Collected data
------------------------------------------------

Lemma L_sub_vee : L \subset vee sideA sideB.
Proof. by apply/subsetP => c Lc; rewrite vee_sidesE (subsetP sL) //= LA0. Qed.

(* A cord outside A v B has both ends on one side, so it raises the rank. *)
Lemma outside_vee_rk_gt c : c \in cords adj -> c \notin vee sideA sideB ->
  (rk L < rk (c |: L))%N.
Proof.
move=> cc; rewrite vee_sidesE cc /=; have [x [y [Xx Xy xy eq_c]]] := cordP cc.
by rewrite eq_c cross2 // negbK => /eqP; apply: same_side_rk_gt.
Qed.

Hypothesis rkL : rk L = (#|E| - 1)%N.

Lemma closure_vee : Lclosure adj R L = vee sideA sideB.
Proof.
apply/setP => c; rewrite inE; case cc: (c \in cords adj) => /=; last by rewrite vee_sidesE cc.
have [c_vee|c_out] := boolP (c \in vee sideA sideB).
  have bip_c : L_bipartite (c |: L).
    by exists A0; apply: bip_side_setU1 => //; apply/eqP; move: c_vee; rewrite vee_sidesE => /andP [].
  have le_rk : (rk L <= rk (c |: L))%N by apply/rk_mono/subsetUr.
  have lt_rk : (rk (c |: L) < #|E|)%N by apply: bipartite_rk_lt bip_c; apply: setU1_cords.
  have -> : rk (c |: L) = rk L by lia.
  exact: eqxx.
by apply/negbTE; rewrite neq_ltn orbC outside_vee_rk_gt.
Qed.

Lemma vee_hyperplane : hyperplane adj R (vee sideA sideB).
Proof.
have vee_cords : vee sideA sideB \subset cords adj.
  by apply/subsetP => c; rewrite vee_sidesE => /andP [].
split=> //.
  by apply: bipartite_rk_lt vee_cords _; exists A0 => c; rewrite vee_sidesE => /andP [_ /eqP].
move=> H H_cords /properP [vee_H [c Hc c_out]].
have sub_H : c |: L \subset H by rewrite subUset sub1set Hc (subset_trans L_sub_vee vee_H).
have le_H : (rk (c |: L) <= rk H)%N := rk_mono sub_H.
have gt_L : (rk L < rk (c |: L))%N := outside_vee_rk_gt (subsetP H_cords c Hc) c_out.
lia.
Qed.

Lemma corank1_closure : closure_bipartite_hyperplane L.
Proof.
have [Lconn _] := corank1_lasso_iff rkL.
have [A_ne B_ne] := connected_sides Lconn sL LA0.
have [AB_X AB_0] := sides_partition.
split=> //; exists sideA, sideB.
by split; [split | exact: L_sub_vee | exact: closure_vee | exact: vee_hyperplane].
Qed.

End Equivalences.

(* (iv) -> (i): A v B lies in the closure of L, so rk (A v B) <= rk L; a
   cord within a side of A is outside the hyperplane A v B, so adding it to
   A v B reaches rank |E|.  Bipartiteness of L follows from L in A v B. *)
Lemma closure_corank1 L : closure_bipartite_hyperplane L -> rk L = (#|E| - 1)%N.
Proof.
move=> [_ [A [B [[AB_X AB_0 _ _] L_vee clL [vee_cords _ vee_max]]]]].
have sL := subset_trans L_vee vee_cords.
have bipL : L_bipartite L.
  by exists A => c /(subsetP L_vee); rewrite vee_mem // => /andP [_ /eqP].
have [x [y [Xx Xy xy xAy]]] := leaves_pigeon (fun z => z \in A).
have cc := cord_of_leaves Xx Xy xy.
have c_out : [set x; y] \notin vee A B by rewrite vee_mem // cc cross2 // xAy eqxx.
have ge_E : (#|E| <= rk ([set x; y] |: vee A B))%N.
  by apply: vee_max; [apply: setU1_cords | apply: properUr; rewrite sub1set].
have le_add : (rk ([set x; y] |: vee A B) <= (rk (vee A B)).+1)%N := rk_setU1_le _ _.
have le_cl : (rk (vee A B) <= rk L)%N.
  by apply: rk_le_of_closure => c; rewrite -clL inE => /andP [_ /eqP].
have lt_E : (rk L < #|E|)%N := bipartite_rk_lt sL bipL.
lia.
Qed.
(* Let $R=R_1\times\cdots\times R_n$ be a direct product of commutative rings with nonzero identity and let $I=I_1\times\cdots\times I_n$ be an ideal of $R$, with $I_i$ an ideal of $R_i$. If $x_i$ is adjacent to $y_i$ in $\Gamma''_{I_i}(R_i)$ for some $1\leq i\leq n$, then every element of $R$ with $i$-th component $x_i$ is adjacent in $\Gamma''_I(R)$ to every element of $R$ with $i$-th component $y_i$.
   Context: The product has componentwise operations. For a commutative ring $S$ and an ideal $J$ of $S$, $\Gamma''_J(S)$ is the simple undirected graph whose vertex set is $\{x\in S\setminus J : xS+J\neq S\}$, with distinct vertices $x,y$ adjacent if and only if $x\notin yS+J$ and $y\notin xS+J$. *)

From mathcomp Require Import all_boot all_algebra.
Set Implicit Arguments. Unset Strict Implicit. Unset Printing Implicit Defensive.
Import GRing.Theory.
Local Open Scope ring_scope.

(* Generic version of the graph Gamma''_J(S), stated for a carrier T with an
   addition, a multiplication and an ideal J (given as a predicate).  It is
   instantiated both for a comNzRingType and for the direct product of rings
   (dependent functions with componentwise operations). *)

Definition in_span {T : Type} (add mul : T -> T -> T) (J : T -> Prop) (y x : T) : Prop :=
  exists s j, J j /\ x = add (mul y s) j.

Definition gvert {T : Type} (add mul : T -> T -> T) (J : T -> Prop) (x : T) : Prop :=
  ~ J x /\ ~ (forall z, in_span add mul J x z).

Definition gadj {T : Type} (add mul : T -> T -> T) (J : T -> Prop) (x y : T) : Prop :=
  [/\ x <> y, gvert add mul J x, gvert add mul J y,
      ~ in_span add mul J y x & ~ in_span add mul J x y].

Definition is_ideal (S : comNzRingType) (J : {pred S}) : Prop :=
  [/\ 0 \in J, {in J &, forall u v, u + v \in J} & forall a, {in J, forall u, a * u \in J}].

Definition adjGamma (S : comNzRingType) (J : {pred S}) (x y : S) : Prop :=
  gadj +%R *%R (fun z => z \in J) x y.

Definition prodR (n : nat) (R : 'I_n -> comNzRingType) : Type := forall i, R i.
Definition prod_add n (R : 'I_n -> comNzRingType) (x y : prodR R) : prodR R :=
  fun i => x i + y i.
Definition prod_mul n (R : 'I_n -> comNzRingType) (x y : prodR R) : prodR R :=
  fun i => x i * y i.
Definition prod_ideal n (R : 'I_n -> comNzRingType) (I : forall i, {pred R i})
  (x : prodR R) : Prop := forall i, x i \in I i.

Definition adjGamma_prod n (R : 'I_n -> comNzRingType) (I : forall i, {pred R i})
  (x y : prodR R) : Prop :=
  gadj (@prod_add n R) (@prod_mul n R) (prod_ideal I) x y.

From mathcomp Require Import all_boot all_algebra.
Import GRing.Theory.
Local Open Scope ring_scope.

(* Both membership in yR + I and membership in I are witnessed componentwise,
   so every such witness in R projects to one in R_i.  Hence each
   non-membership in R_i lifts to R; in particular, if xR + I = R then
   1 = xs + j projects to 1 \in x_i R_i + I_i, so a vertex x_i of
   Gamma''_{I_i}(R_i) makes x a vertex of Gamma''_I(R). *)

Lemma in_span_full_of_one (S : comNzRingType) (J : {pred S}) (x : S) :
  is_ideal J -> in_span +%R *%R (fun z => z \in J) x 1 ->
  forall z, in_span +%R *%R (fun z => z \in J) x z.
Proof.
move=> [_ _ J_mul] [s [j [Jj def1]]] z.
exists (s * z), (j * z); split; first by rewrite mulrC J_mul.
by rewrite mulrA -mulrDl -def1 mul1r.
Qed.

Section ProductProjection.

Variables (n : nat) (R : 'I_n -> comNzRingType) (I : forall i, {pred R i}).

Lemma prod_in_span_proj (i : 'I_n) (x y : prodR R) :
  in_span (@prod_add n R) (@prod_mul n R) (prod_ideal I) y x ->
  in_span +%R *%R (fun z => z \in I i) (y i) (x i).
Proof.
move=> [s [j [Ij def_x]]]; exists (s i), (j i); split; first exact: Ij.
by rewrite def_x.
Qed.

Lemma prod_gvert_of_proj (i : 'I_n) (x : prodR R) :
  is_ideal (I i) -> gvert +%R *%R (fun z => z \in I i) (x i) ->
  gvert (@prod_add n R) (@prod_mul n R) (prod_ideal I) x.
Proof.
move=> idealIi [xi_notin_I xi_span_proper]; split.
  by move=> Ix; apply: xi_notin_I; exact: Ix.
move=> x_span_full; apply: xi_span_proper.
apply: in_span_full_of_one => //.
exact: prod_in_span_proj (x_span_full (fun k => 1)).
Qed.

End ProductProjection.

Theorem lemma2p1 (n : nat) (R : 'I_n -> comNzRingType)
  (I : forall i, {pred R i}) (hI : forall i, is_ideal (I i))
  (i : 'I_n) (xi yi : R i) :
  adjGamma (I i) xi yi ->
  forall x y : prodR R, x i = xi -> y i = yi -> adjGamma_prod I x y.
Proof.
move=> adj_xi_yi x y def_xi def_yi; subst xi yi.
case: adj_xi_yi => xi_neq_yi vert_xi vert_yi xi_notin_span_yi yi_notin_span_xi.
split.
- by move=> eq_xy; apply: xi_neq_yi; rewrite eq_xy.
- exact: prod_gvert_of_proj (hI i) vert_xi.
- exact: prod_gvert_of_proj (hI i) vert_yi.
- by move=> span_yx; apply: xi_notin_span_yi; exact: prod_in_span_proj span_yx.
- by move=> span_xy; apply: yi_notin_span_xi; exact: prod_in_span_proj span_xy.
Qed.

------------------------------------------------

= Work task =
Using the entries above, output exactly the lines between the line holding "move=> [_ _ J_mul] [s [j [Jj def1]]] z." and the line holding "by move=> Ix; apply: xi_notin_I; exact: Ix.", end lines included, and nothing more.

= Answer to this task =
move=> [_ _ J_mul] [s [j [Jj def1]]] z.
exists (s * z), (j * z); split; first by rewrite mulrC J_mul.
by rewrite mulrA -mulrDl -def1 mul1r.
Qed.

Section ProductProjection.

Variables (n : nat) (R : 'I_n -> comNzRingType) (I : forall i, {pred R i}).

Lemma prod_in_span_proj (i : 'I_n) (x y : prodR R) :
  in_span (@prod_add n R) (@prod_mul n R) (prod_ideal I) y x ->
  in_span +%R *%R (fun z => z \in I i) (y i) (x i).
Proof.
move=> [s [j [Ij def_x]]]; exists (s i), (j i); split; first exact: Ij.
by rewrite def_x.
Qed.

Lemma prod_gvert_of_proj (i : 'I_n) (x : prodR R) :
  is_ideal (I i) -> gvert +%R *%R (fun z => z \in I i) (x i) ->
  gvert (@prod_add n R) (@prod_mul n R) (prod_ideal I) x.
Proof.
move=> idealIi [xi_notin_I xi_span_proper]; split.
  by move=> Ix; apply: xi_notin_I; exact: Ix.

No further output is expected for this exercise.